An upbeat assessment of San Francisco’s police department prepared for new Mayor Gavin Newsom dismisses many of what critics have identified as the force’s biggest flaws, reports the San Francisco Chronicle. The report says the main challenges are dealing with tight budgets and putting a computerized crime-mapping system in place.
The five-page report by Newsom’s transition team was written by a retired deputy police chief, who interviewed Police Chief Alex Fagan and reviewed unspecified other sources. It makes no mention of who should lead the 2,200-officer force and does not discuss problems the department faced last year, including an uproar over the investigation of Fagan’s son and two other officers accused of assaulting two men in November 2002.
Newsom has said will search nationally for a replacement for Fagan. The report, by retired Deputy Chief Diarmuid Philpott, does not touch on concerns raised by critics who persuaded city voters to approve Proposition H, which will make it easier for the independent Office of Citizen Complaints to pursue sanctions against officers accused of misconduct.
Malaika Parker of Bay Area PoliceWatch, a group that advocates on behalf of alleged police abuse victims, dismissed the document as a “bogus report….It’s like ignoring a big elephant in the room.”
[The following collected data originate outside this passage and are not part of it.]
(* Let $B = M \cup \{\omega_1,\ldots,\omega_p\}$ with $p\ge1$ and $\omega_i\in P_2\setminus M$, and let $r(B)=\max\{d(\omega_1),\ldots,d(\omega_p)\}$. Then for every finite system $F$ of Boolean functions of variables $x_1,\ldots,x_n$, $$d(F)\le (2r(B)+1)\left(2^{I_B(F)}-1\right).$$
   Context: $P_2$ denotes the set of all Boolean functions and $M\subset P_2$ the set of all monotone Boolean functions (including the constants). Tuples in $\{0,1\}^n$ are compared componentwise. An increasing chain is a sequence of pairwise distinct tuples $\tilde\alpha_1,\ldots,\tilde\alpha_r\in\{0,1\}^n$ with $\tilde\alpha_i\le\tilde\alpha_{i+1}$ for all $i$. For a Boolean function $f$, a pair $(\tilde\alpha,\tilde\beta)$ with $\tilde\alpha\le\tilde\beta$ and $f(\tilde\alpha)>f(\tilde\beta)$ is a jump of $f$; a pair is a jump of a system $F$ if it is a jump of some $f\in F$. For a chain $C=(\tilde\alpha_1,\ldots,\tilde\alpha_r)$, $d_C(F)$ is the number of $i$ with $(\tilde\alpha_i,\tilde\alpha_{i+1})$ a jump of $F$, and $d(F)=\max_C d_C(F)$ over all chains; $d(f)=d(\{f\})$. A circuit over $B$ is a Boolean circuit with inputs $x_1,\ldots,x_n$ whose gates compute functions of $B$; gates computing functions in $M$ have weight $0$ and gates computing some $\omega_i$ have weight $1$. $I_B(F)$ is the minimum total weight of a circuit over $B$ realizing all functions of $F$. *)

From mathcomp Require Import all_boot.
Set Implicit Arguments. Unset Strict Implicit. Unset Printing Implicit Defensive.

(* Boolean functions of k variables x_1..x_k (x_i is component i-1 of the tuple). *)
Definition bfun (k : nat) := k.-tuple bool -> bool.

Definition tle {k} (a b : k.-tuple bool) : bool :=
  [forall i : 'I_k, tnth a i ==> tnth b i].

Definition monotone {k} (f : bfun k) : Prop := forall a b, tle a b -> f a ==> f b.

Definition is_jump {k} (f : bfun k) (a b : k.-tuple bool) : bool :=
  [&& tle a b, f a & ~~ f b].
(* For any group $A$, the assignment $q\mapsto\mathrm{Ker}(q)$ yields a bijection $$\bigsqcup_{B<A}\mathcal Z^1(\mathsf T^l_{\imath_B},(B,m_B))\;\cong\;\mathsf{FAC}(A),$$ sending $q$ in the $B$-summand to $(B,\mathrm{Ker}(q))$, where $B$ ranges over proper subgroups of $A$ and $\imath_B:B\hookrightarrow A$ is the inclusion.
   Context: For a subgroup $B$ of $A$ with inclusion $\imath_B$, $\mathcal Z^1(\mathsf T^l_{\imath_B},(B,m_B))$ is identified with the set of maps $q:A\to B$ satisfying (ZL1) $q(1_A)=1_A$; (ZL2) $q(ba)=b\,q(a)$ for all $a\in A,b\in B$; (ZL3) $q(aa')=q(a\,q(a'))$ for all $a,a'\in A$ (these are exactly the algebra structures on the left $B$-set $B$ for the monad $A\otimes_B-$ on left $B$-sets). $\mathrm{Ker}(q)=\{a:q(a)=1_A\}$. $\mathsf{FAC}(A)$ is the set of pairs $(B,X)$ with $B$ a proper subgroup of $A$, $X$ a subgroup of $A$, $B\cap X=\{1_A\}$ and $BX=A$. *)

(* an arbitrary (possibly infinite) group given by its carrier
   type and operations; subsets/subgroups are predicates T -> Prop. *)

Record is_group {T : Type} (mul : T -> T -> T) (one : T) (inv : T -> T) : Prop := {
  grp_assoc : forall x y z, mul x (mul y z) = mul (mul x y) z;
  grp_mul1l : forall x, mul one x = x;
  grp_mulVl : forall x, mul (inv x) x = one
}.

Definition is_subgroup {T : Type} (mul : T -> T -> T) (one : T) (inv : T -> T)
  (B : T -> Prop) : Prop :=
  B one /\ (forall x y, B x -> B y -> B (mul x y)) /\ (forall x, B x -> B (inv x)).

Definition is_proper_subgroup {T : Type} (mul : T -> T -> T) (one : T) (inv : T -> T)
  (B : T -> Prop) : Prop :=
  is_subgroup mul one inv B /\ exists a, ~ B a.

Definition Z1 {T : Type} (mul : T -> T -> T) (one : T)
  (B : T -> Prop) (q : T -> T) : Prop :=
  (forall a, B (q a)) /\
  q one = one /\
  (forall a b, B b -> q (mul b a) = mul b (q a)) /\
  (forall a a', q (mul a a') = q (mul a (q a'))).

Definition Ker {T : Type} (one : T) (q : T -> T) : T -> Prop := fun a => q a = one.

Definition in_FAC {T : Type} (mul : T -> T -> T) (one : T) (inv : T -> T)
  (B X : T -> Prop) : Prop :=
  is_proper_subgroup mul one inv B /\
  is_subgroup mul one inv X /\
  (forall a, B a -> X a -> a = one) /\
  (forall a, exists b x, B b /\ X x /\ a = mul b x).

(* A cocycle q : A -> B is a B-equivariant retraction of A onto B, so every a
   factors as a = q(a) * (q(a)^-1 a) with q(a)^-1 a in Ker q; (ZL3) makes Ker q
   a subgroup, and equivariance makes it meet B trivially.  Conversely, an exact
   factorisation A = B X has a unique B-component map, which satisfies
   (ZL1)-(ZL3) and has kernel X.  Injectivity holds because q(a) is recovered
   from Ker q as the B-factor of a. *)

From Stdlib Require Import ClassicalEpsilon.

Section Group.
Variables (T : Type) (mul : T -> T -> T) (one : T) (inv : T -> T).
Hypothesis HA : is_group mul one inv.

Lemma mulgV x : mul x (inv x) = one.
Proof.
  destruct HA as [As L1 LV].
  rewrite <- (L1 (mul x (inv x))), <- (LV (inv x)) at 1.
  rewrite <- As, (As (inv x) x (inv x)), LV, L1.
  apply LV.
Qed.

Lemma mulg1 x : mul x one = x.
Proof.
  destruct HA as [As L1 LV].
  rewrite <- (LV x), As, mulgV.
  apply L1.
Qed.

Lemma mulKg c a : mul c (mul (inv c) a) = a.
Proof.
  destruct HA as [As L1 _].
  rewrite As, mulgV.
  apply L1.
Qed.

Lemma mulVKg c a : mul (inv c) (mul c a) = a.
Proof.
  destruct HA as [As L1 LV].
  rewrite As, LV.
  apply L1.
Qed.

Lemma mulgKV c a : mul (mul a c) (inv c) = a.
Proof.
  destruct HA as [As _ _].
  rewrite <- As, mulgV.
  apply mulg1.
Qed.

(* b^-1 b' = x x'^-1 lies in both factors. *)
Lemma factor_uniq (B X : T -> Prop) :
  is_subgroup mul one inv B -> is_subgroup mul one inv X ->
  (forall a, B a -> X a -> a = one) ->
  forall b x b' x', B b -> X x -> B b' -> X x' ->
  mul b x = mul b' x' -> b = b'.
Proof.
  intros [_ [BM BI]] [_ [XM XI]] HBX b x b' x' Hb Hx Hb' Hx' E.
  assert (Ebx : mul (inv b) b' = mul x (inv x')).
  { rewrite <- (mulVKg b (mul x (inv x'))), (grp_assoc _ _ _ HA b), E, mulgKV.
    reflexivity. }
  assert (E1 : mul (inv b) b' = one).
  { apply HBX; [apply BM; auto | rewrite Ebx; apply XM; auto]. }
  rewrite <- (mulKg b b'), E1.
  symmetry; apply mulg1.
Qed.

Section Cocycle.
Variables (B : T -> Prop) (q : T -> T).
Hypotheses (HB : is_subgroup mul one inv B) (Hq : Z1 mul one B q).

Lemma Z1_Ker_subgroup : is_subgroup mul one inv (Ker one q).
Proof.
  destruct Hq as [_ [Q1 [_ Q3]]].
  unfold Ker; split; [exact Q1 | split].
  - intros x y Hx Hy.
    rewrite Q3, Hy, mulg1.
    exact Hx.
  - intros x Hx.
    rewrite <- (mulg1 (inv x)), <- Hx at 1; rewrite <- Q3, (grp_mulVl _ _ _ HA).
    exact Q1.
Qed.

Lemma Z1_Ker_trivI a : B a -> Ker one q a -> a = one.
Proof.
  destruct Hq as [_ [Q1 [Q2 _]]].
  unfold Ker; intros Ha Hk.
  rewrite <- (mulg1 a), Q2, Q1, mulg1 in Hk; auto.
Qed.

Lemma Z1_Ker_factor a : Ker one q (mul (inv (q a)) a).
Proof.
  destruct Hq as [QB [_ [Q2 _]]].
  unfold Ker; rewrite Q2 by (apply HB, QB).
  apply (grp_mulVl _ _ _ HA).
Qed.

Lemma Z1_in_FAC :
  (exists a, ~ B a) -> in_FAC mul one inv B (Ker one q).
Proof.
  intros Hproper.
  split; [split; assumption | split; [exact Z1_Ker_subgroup | split]].
  - exact Z1_Ker_trivI.
  - intros a.
    exists (q a), (mul (inv (q a)) a).
    split; [apply Hq | split; [apply Z1_Ker_factor | symmetry; apply mulKg]].
Qed.

(* q' a = q' (q a * k) = q a * q' k with k := q(a)^-1 a in Ker q. *)
Lemma Z1_eq_of_Ker_sub (B' : T -> Prop) (q' : T -> T) :
  Z1 mul one B' q' -> (forall a, B a -> B' a) ->
  (forall a, Ker one q a -> Ker one q' a) ->
  forall a, q' a = q a.
Proof.
  intros [_ [_ [Q2' _]]] HBB' HK a.
  rewrite <- (mulKg (q a) a) at 1.
  rewrite Q2' by (apply HBB', Hq).
  rewrite (HK _ (Z1_Ker_factor a)).
  apply mulg1.
Qed.

End Cocycle.

Section Factorisation.
Variables (B X : T -> Prop).
Hypotheses (HB : is_subgroup mul one inv B) (HX : is_subgroup mul one inv X)
  (HBX : forall a, B a -> X a -> a = one)
  (HBXA : forall a, exists b x, B b /\ X x /\ a = mul b x).

Definition factor_proj (a : T) : T :=
  proj1_sig (constructive_indefinite_description _ (HBXA a)).

Lemma factor_projP a : B (factor_proj a) /\ exists x, X x /\ a = mul (factor_proj a) x.
Proof.
  unfold factor_proj.
  destruct (constructive_indefinite_description _ (HBXA a)) as [b [x [Hb [Hx E]]]].
  simpl; eauto.
Qed.

Lemma factor_proj_eq a b x : B b -> X x -> a = mul b x -> factor_proj a = b.
Proof.
  intros Hb Hx E.
  destruct (factor_projP a) as [Hp [y [Hy Ey]]].
  apply (factor_uniq B X HB HX HBX _ y _ x); auto.
  congruence.
Qed.

Lemma factor_proj_Z1 : Z1 mul one B factor_proj.
Proof.
  destruct HB as [B1 [BM _]]; destruct HX as [X1 [XM _]].
  destruct HA as [As L1 _].
  split; [| split; [| split]].
  - intros a; apply factor_projP.
  - apply (factor_proj_eq _ _ one B1 X1).
    symmetry; apply L1.
  - intros a b Hb.
    destruct (factor_projP a) as [Hp [y [Hy Ey]]].
    apply (factor_proj_eq _ _ y); auto.
    rewrite Ey at 1; apply As.
  - intros a a'.
    destruct (factor_projP a') as [_ [y' [Hy' Ey']]].
    destruct (factor_projP (mul a (factor_proj a'))) as [Hp [y [Hy Ey]]].
    apply (factor_proj_eq _ _ (mul y y')); auto.
    rewrite As, <- Ey, <- As, <- Ey'.
    reflexivity.
Qed.

Lemma factor_proj_Ker a : Ker one factor_proj a <-> X a.
Proof.
  unfold Ker; split.
  - intros E.
    destruct (factor_projP a) as [_ [y [Hy Ey]]].
    rewrite E, (grp_mul1l _ _ _ HA) in Ey.
    subst; exact Hy.
  - intros Ha.
    apply (factor_proj_eq _ _ a (proj1 HB) Ha).
    symmetry; apply (grp_mul1l _ _ _ HA).
Qed.

End Factorisation.

End Group.

Theorem theorem4p8 (T : Type) (mul : T -> T -> T) (one : T) (inv : T -> T)
  (HA : is_group mul one inv) :
  (forall (B : T -> Prop) (q : T -> T),
     is_proper_subgroup mul one inv B -> Z1 mul one B q ->
     in_FAC mul one inv B (Ker one q)) /\
  (forall (B B' : T -> Prop) (q q' : T -> T),
     is_proper_subgroup mul one inv B -> Z1 mul one B q ->
     is_proper_subgroup mul one inv B' -> Z1 mul one B' q' ->
     (forall a, B a <-> B' a) ->
     (forall a, Ker one q a <-> Ker one q' a) ->
     forall a, q a = q' a) /\
  (forall (B X : T -> Prop),
     in_FAC mul one inv B X ->
     exists q : T -> T, Z1 mul one B q /\ (forall a, Ker one q a <-> X a)).
Proof.
  split; [| split].
  - intros B q [HB Hproper] Hq.
    exact (Z1_in_FAC _ _ _ _ HA B q HB Hq Hproper).
  - intros B B' q q' [HB _] Hq _ Hq' EB EK a.
    symmetry.
    apply (Z1_eq_of_Ker_sub _ _ _ _ HA B q HB Hq B' q' Hq');
      intros x; [apply EB | apply EK].
  - intros B X [[HB _] [HX [HBX HBXA]]].
    exists (factor_proj _ mul B X HBXA).
    split; [apply (factor_proj_Z1 _ _ _ inv) | apply (factor_proj_Ker _ _ _ inv)]; assumption.
Qed.
Lemma Qbin_contiguous n m :
  (n.+1%:R + a + b + 1) * Qbin n (n + m) + (a + b + 1 - m%:R) * Qbin n.+1 (n + m)
  = (n.+1%:R - m%:R + a + b + 1) * Qbin n.+1 (n + m).+1.
Proof.
set x := a + b + 1 - m%:R.
have xE : n%:R + a + b - (n + m)%:R + 1 = x by rewrite /x; ring.
have x1E : n.+1%:R + a + b - (n + m)%:R + 1 = x + 1 by rewrite /x; ring.
have xE' : n.+1%:R + a + b - (n + m).+1%:R + 1 = x by rewrite /x; ring.
have pochSx j : x * poch (x + 1) j = poch x j * (x + j%:R) by rewrite -pochSl pochS.
rewrite /Qbin /Qterm xE x1E xE' (big_ord_recr n.+1) (big_ord_recr n.+1) /=.
rewrite !mulrDr addrA !mulr_sumr -big_split; congr (_ + _).
  apply: eq_bigr => j _; have le_jn : (j <= n)%N := ltn_ord j; rewrite [LHS]/=.
  have le_jnm : (j <= n + m)%N by rewrite (leq_trans le_jn) ?leq_addr.
  rewrite !subSn // binS natrD.
  set A := ('C(n + m - j, n - j))%:R; set B := ('C(n + m - j, (n - j).+1))%:R.
  have binE : (n%:R - j%:R + 1) * B = m%:R * A :> C.
    by rewrite -natrB // natr1 -!natrM mul_bin_left subnBA // subnK // addKn.
  set s := (-1) ^+ j * ('C(k, j))%:R; set pa := poch (a + 1) j.
  (* the difference of the two sides is a combination of binE and pochSx *)
  apply: subr0_eq.
  transitivity (- (poch x j * s / pa) * ((n%:R - j%:R + 1) * B - m%:R * A)
                + s * B / pa * (x * poch (x + 1) j - poch x j * (x + j%:R))).
    by rewrite /x; ring.
  by rewrite binE pochSx !subrr !mulr0 addr0.
rewrite !subnn !bin0; apply: subr0_eq.
transitivity ((-1) ^+ n.+1 * ('C(k, n.+1))%:R / poch (a + 1) n.+1
              * (x * poch (x + 1) n.+1 - poch x n.+1 * (x + n.+1%:R))).
  by rewrite /x; ring.
by rewrite pochSx subrr mulr0.
Qed.

Lemma Qbin0 N : Qbin 0 N = 1.
Proof. by rewrite /Qbin big_ord1 /Qterm /= !bin0 expr0 !poch0 divr1 !mulr1. Qed.

Lemma Qbin_top n : (k <= n)%N -> Qbin n.+1 n = 0.
Proof.
move=> le_kn; rewrite /Qbin big_ord_recr big1 /= => [|j _].
  by rewrite /Qterm bin_small // !(mulr0, mul0r, add0r).
by rewrite /Qterm (subSn (ltn_ord j : (j <= n)%N)) (bin_small (ltnSn _)) !(mulr0, mul0r).
Qed.

Lemma Qbin_diag n : (n <= k)%N ->
  Qbin n k = ('C(k, n))%:R * poch (k%:R - n%:R - b) n / poch (a + 1) n.
Proof.
move=> le_nk.
rewrite (_ : k%:R - n%:R - b = a + 1 - (n%:R + a + b - k%:R + 1)); last by ring.
rewrite -chu_vandermonde mulr_sumr mulr_suml; apply: eq_bigr => j _.
have le_jn : (j <= n)%N := ltn_ord j.
have pa_split : poch (a + 1) n = poch (a + 1) j * poch (a + 1 + j%:R) (n - j).
  by rewrite -pochD subnKC.
have /andP[paj_neq0 pan_neq0] :
    (poch (a + 1) j != 0) && (poch (a + 1 + j%:R) (n - j) != 0).
  by rewrite -negb_or -mulf_eq0 -pa_split poch_a1_neq0.
have bin_neq0 : ('C(k - j, n - j))%:R != 0 :> C.
  by rewrite pnatr_eq0 -lt0n bin_gt0 leq_sub2r.
have binE : 'C(k, j)%:R = 'C(k, n)%:R * 'C(n, j)%:R / 'C(k - j, n - j)%:R :> C.
  by rewrite -natrM mul_bin_bin // natrM mulfK.
by rewrite /Qterm pa_split binE; field; rewrite paj_neq0 pan_neq0 bin_neq0.
Qed.

End ClebschGordanCoefficients.

Lemma vec_ext (C : numClosedFieldType) (u v : vec C) :
  (forall n m, u n m = v n m) -> u = v.
Proof. by move=> uv; do 2!apply: functional_extensionality => ?; apply: uv. Qed.

Section CoproductAction.
Variables (C : numClosedFieldType) (l1 l2 a b : C).
Hypothesis hab : forall z : int, a + b != z%:~R.

Local Notation D := (Deig l1 l2 a b).
Local Notation DH := (DeltaH l1 l2).
Local Notation DE := (DeltaE l1 l2 a b).
Local Notation DF := (DeltaF l1 l2 a b).

Lemma DeigE n m : D n m = 2 * (n%:R - m%:R + a + b + 1).
Proof. by rewrite /Deig; ring. Qed.

Lemma Deig_neq0 n m : D n m != 0.
Proof.
rewrite DeigE mulf_neq0 ?pnatr_eq0 //.
apply: contra (hab (m%:Z - n%:Z - 1)) => /eqP D0; apply/eqP.
rewrite (_ : a + b = (n%:R - m%:R + a + b + 1) - (n%:R - m%:R + 1)); last by ring.
by rewrite D0; ring.
Qed.

Lemma DeigSn n m : D n.+1 m = D n m + 2.
Proof. by rewrite !DeigE; ring. Qed.

Lemma DeignS n m : D n m.+1 = D n m - 2.
Proof. by rewrite !DeigE; ring. Qed.

Lemma DeltaH_at v n m : DH v n m = (l1 + l2 + 2 * (n + m)%:R) * v n m.
Proof. by rewrite /DeltaH /vadd /H1 /H2; ring. Qed.

Lemma DeltaE_at v n m :
  DE v n m = ((D n m + 2 * m%:R) * E1 v n m + (D n m - 2 * n%:R) * E2 v n m) / D n m.
Proof. by rewrite /DeltaE /Dinv /vadd /vsub /vscale /H1 /H2 /Deig; congr (_ / _); ring. Qed.

Lemma DeltaF_at v n m : DF v n m =
  (2 * (a + 1 + n%:R) * F1 v n m + (D n m - 2 * (a + 1 + n%:R)) * F2 v n m) / D n m.
Proof. by rewrite /DeltaF /Dinv /vadd /vsub /vscale /H1 /H2 /Deig; congr (_ / _); ring. Qed.

Lemma E1_DeltaH v n m : E1 (DH v) n m = (l1 + l2 + 2 * (n + m)%:R - 2) * E1 v n m.
Proof. by case: n => [|n]; rewrite /E1 ?mulr0 // DeltaH_at; ring. Qed.

Lemma E2_DeltaH v n m : E2 (DH v) n m = (l1 + l2 + 2 * (n + m)%:R - 2) * E2 v n m.
Proof. by case: m => [|m]; rewrite /E2 ?mulr0 // DeltaH_at; ring. Qed.

Lemma F1_DeltaH v n m : F1 (DH v) n m = (l1 + l2 + 2 * (n + m)%:R + 2) * F1 v n m.
Proof. by rewrite /F1 DeltaH_at; ring. Qed.

Lemma F2_DeltaH v n m : F2 (DH v) n m = (l1 + l2 + 2 * (n + m)%:R + 2) * F2 v n m.
Proof. by rewrite /F2 DeltaH_at; ring. Qed.

Lemma comm_DeltaH_DeltaE v : comm DH DE v = vscale 2 (DE v).
Proof.
apply: vec_ext => n m.
by rewrite /comm /vsub /vscale DeltaH_at !DeltaE_at E1_DeltaH E2_DeltaH; ring.
Qed.
(* Let $s,s'\in\mathbb C$, $f\in C_c^{\mathrm{lc}}(G/M)$ and $\gamma\in G$, and set $f_\gamma(gM)=f(\gamma^{-1}gM)$. Then for all $g\in G$, with $(\omega_1,\omega_2)=(g\omega_+,g\omega_-)$, $$(\mathcal R_{s,s'}f_\gamma)(\omega_1,\omega_2)=q^{(\frac12+is)\langle\gamma o,\omega_1\rangle}q^{(\frac12-i\overline{s'})\langle\gamma o,\omega_2\rangle}(\mathcal R_{s,s'}f)(\gamma^{-1}\omega_1,\gamma^{-1}\omega_2),$$ i.e. $(\mathcal R_{s,s'}f_\gamma)(gM\langle\tau\rangle)=q^{(\frac12+is)\langle\gamma o,g\omega_+\rangle}q^{(\frac12-i\overline{s'})\langle\gamma o,g\omega_-\rangle}(\mathcal R_{s,s'}f)(\gamma^{-1}gM\langle\tau\rangle)$.
   Context: Let $q\ge2$, $\mathfrak G$ the $(q+1)$-regular tree with vertex set $\mathfrak X$, graph distance $d$, boundary $\Omega$ (infinite non-backtracking edge chains modulo eventual equality up to shift). Fix a vertex $o$ and $\omega_-\ne\omega_+$ with $o$ on the geodesic $]\omega_-,\omega_+[$; $\langle x,\omega\rangle=d(o,y)-d(x,y)$ where $[o,\omega)\cap[x,\omega)=[y,\omega)$. $G=\mathrm{Aut}(\mathfrak G)$, $K=\mathrm{Stab}_G(o)$, $B_{\omega_+}=\{g:g\omega_+=\omega_+,\ g\text{ fixes a vertex}\}$, $\tau\in G$ fixes $\omega_\pm$ and translates $]\omega_-,\omega_+[$ one step towards $\omega_+$; $g=kn\tau^j$ ($k\in K,n\in B_{\omega_+}$) with unique $j=:H(g)$. $r\in K$ with $r^2=\mathrm{id}$, $r\tau^jr^{-1}=\tau^{-j}$. $M=\{\gamma\in K:\gamma$ fixes $]\omega_-,\omega_+[$ pointwise$\}$. $G/M\cong\{(\omega,\omega',x):\omega\ne\omega',x\in]\omega,\omega'[\}$ via $gM\mapsto(g\omega_-,g\omega_+,go)$; $C_c^{\mathrm{lc}}(G/M)$ = locally constant compactly supported functions. With $d_{s,s'}(gM)=q^{(\frac12+is)H(g)}q^{(\frac12+is')H(gr)}$, the weighted Radon transform is $(\mathcal R_{s,s'}f)(gM\langle\tau\rangle)=\sum_{j\in\mathbb Z}f(g\tau^jM)d_{s,-\overline{s'}}(g\tau^jM)$; it is regarded as a function on pairs of distinct boundary points via $gM\langle\tau\rangle\leftrightarrow(g\omega_+,g\omega_-)$. *)

From Stdlib Require Import ClassicalEpsilon.
From mathcomp Require Import all_boot all_order all_algebra.
From mathcomp Require Import all_classical all_reals all_analysis.
From mathcomp Require Export complex.
Set Implicit Arguments. Unset Strict Implicit. Unset Printing Implicit Defensive.
Import GRing.Theory Num.Theory.
Local Open Scope ring_scope.

Section Graph.
Variables (X : Type) (adj : X -> X -> Prop).

Definition walk_len (x y : X) (n : nat) : Prop :=
  exists p : nat -> X, p 0%N = x /\ p n = y /\
    (forall i, (i < n)%N -> adj (p i) (p i.+1)).

Definition dist (x y : X) : nat :=
  epsilon (inhabits 0%N)
    (fun n => walk_len x y n /\ forall m, walk_len x y m -> (n <= m)%N).

Definition is_regular_tree (q : nat) : Prop :=
  (forall x y, adj x y -> adj y x) /\
  (forall x, ~ adj x x) /\
  (forall x y, exists n, walk_len x y n) /\
  (forall (n : nat) (p : nat -> X), (3 <= n)%N -> p 0%N = p n ->
      (forall i, (i < n)%N -> adj (p i) (p i.+1)) ->
      ~ (forall i j, (i < j)%N -> (j < n)%N -> p i <> p j)) /\
  (forall x, exists e : 'I_q.+1 -> X,
      injective e /\ forall y, adj x y <-> exists i, e i = y).

Definition is_ray (w : nat -> X) : Prop :=
  forall n, adj (w n) (w n.+1) /\ w n.+2 <> w n.

(* equality up to shift (eventual equality): the relation defining boundary
   points; a boundary point is represented by any ray in its class *)
Definition ray_equiv (w w' : nat -> X) : Prop :=
  exists k m : nat, forall n, w (n + k)%N = w' (n + m)%N.

Definition is_line (l : int -> X) : Prop :=
  forall n : int, adj (l n) (l (n + 1)) /\ l (n + 2) <> l n.
Lemma size_chain_gt0 : 0 < size c.
Proof. by case: c chain_botI. Qed.

Lemma chain_head : nth [::] c 0 = botI d.
Proof.
have lt_bc : index (botI d) c < size c by rewrite index_mem chain_botI.
apply: leI_anti; last exact/botI_min/chain_inI/mem_nth/size_chain_gt0.
by rewrite -(nth_index [::] chain_botI); apply: chain_leI.
Qed.

Lemma chain_last : nth [::] c (size c).-1 = topI d n.
Proof.
have lt_tc : index (topI d n) c < size c by rewrite index_mem chain_topI.
have lt_lc : (size c).-1 < size c by rewrite ltn_predL size_chain_gt0.
apply: leI_anti; first exact/topI_max/chain_inI/mem_nth.
by rewrite -(nth_index [::] chain_topI); apply: chain_leI; rewrite // -ltnS prednK ?size_chain_gt0.
Qed.

(* The cover of c_t below c_(t+1) given by leI_cover is comparable to all of c,
   so it lies in c by maximality and must be c_(t+1). *)
Lemma chain_step t : t.+1 < size c ->
  exists2 p, validop d n p & rootop d p.1 p.2 (nth [::] c t) = Some (nth [::] c t.+1).
Proof.
move=> lt_tc; have lt_tc' := ltnW lt_tc.
set x := nth [::] c t; set y := nth [::] c t.+1.
have [k [valid step Iz le_zy]] :=
  leI_cover (chain_inI (mem_nth _ lt_tc')) (chain_inI (mem_nth _ lt_tc))
    (chain_leI (leqnSn t) lt_tc) (chain_neq lt_tc).
have [sx _ _] := iffLR (inIP _ _ _) (chain_inI (mem_nth [::] lt_tc')).
have le_xz : leI x (raise k x) by apply: leI_raise; move: valid; rewrite /validop sx /=; lia.
exists (nth 0 x k, k.+1) => //=; rewrite step; congr Some.
have /(nthP [::]) [m lt_mc eq_z] : raise k x \in c.
  apply: chain_mem Iz _ => _ /(nthP [::]) [m lt_mc <-].
  have [le_mt | lt_tm] := leqP m t.
  - by left; apply: leI_trans le_xz; apply: chain_leI.
  - by right; apply: leI_trans le_zy _; apply: chain_leI.
have [le_mt | lt_tm] := leqP m t.
- have le_zx : leI (raise k x) x by rewrite -eq_z; apply: chain_leI.
  by move/eqP: (raise_neq k x); case; apply: leI_anti.
- by apply: leI_anti le_zy _; rewrite -eq_z; apply: chain_leI.
Qed.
Mark Schlosberg of the Northern California chapter of the American Civil Liberties Union noted that the transition team said nothing about reports from the city controller and a civil grand jury that found chronic problems with police discipline. “The report is disappointing,” he said. “The whole tone of the report doesn’t take into account the concerns about accountability that we have expressed in the last year and a half.”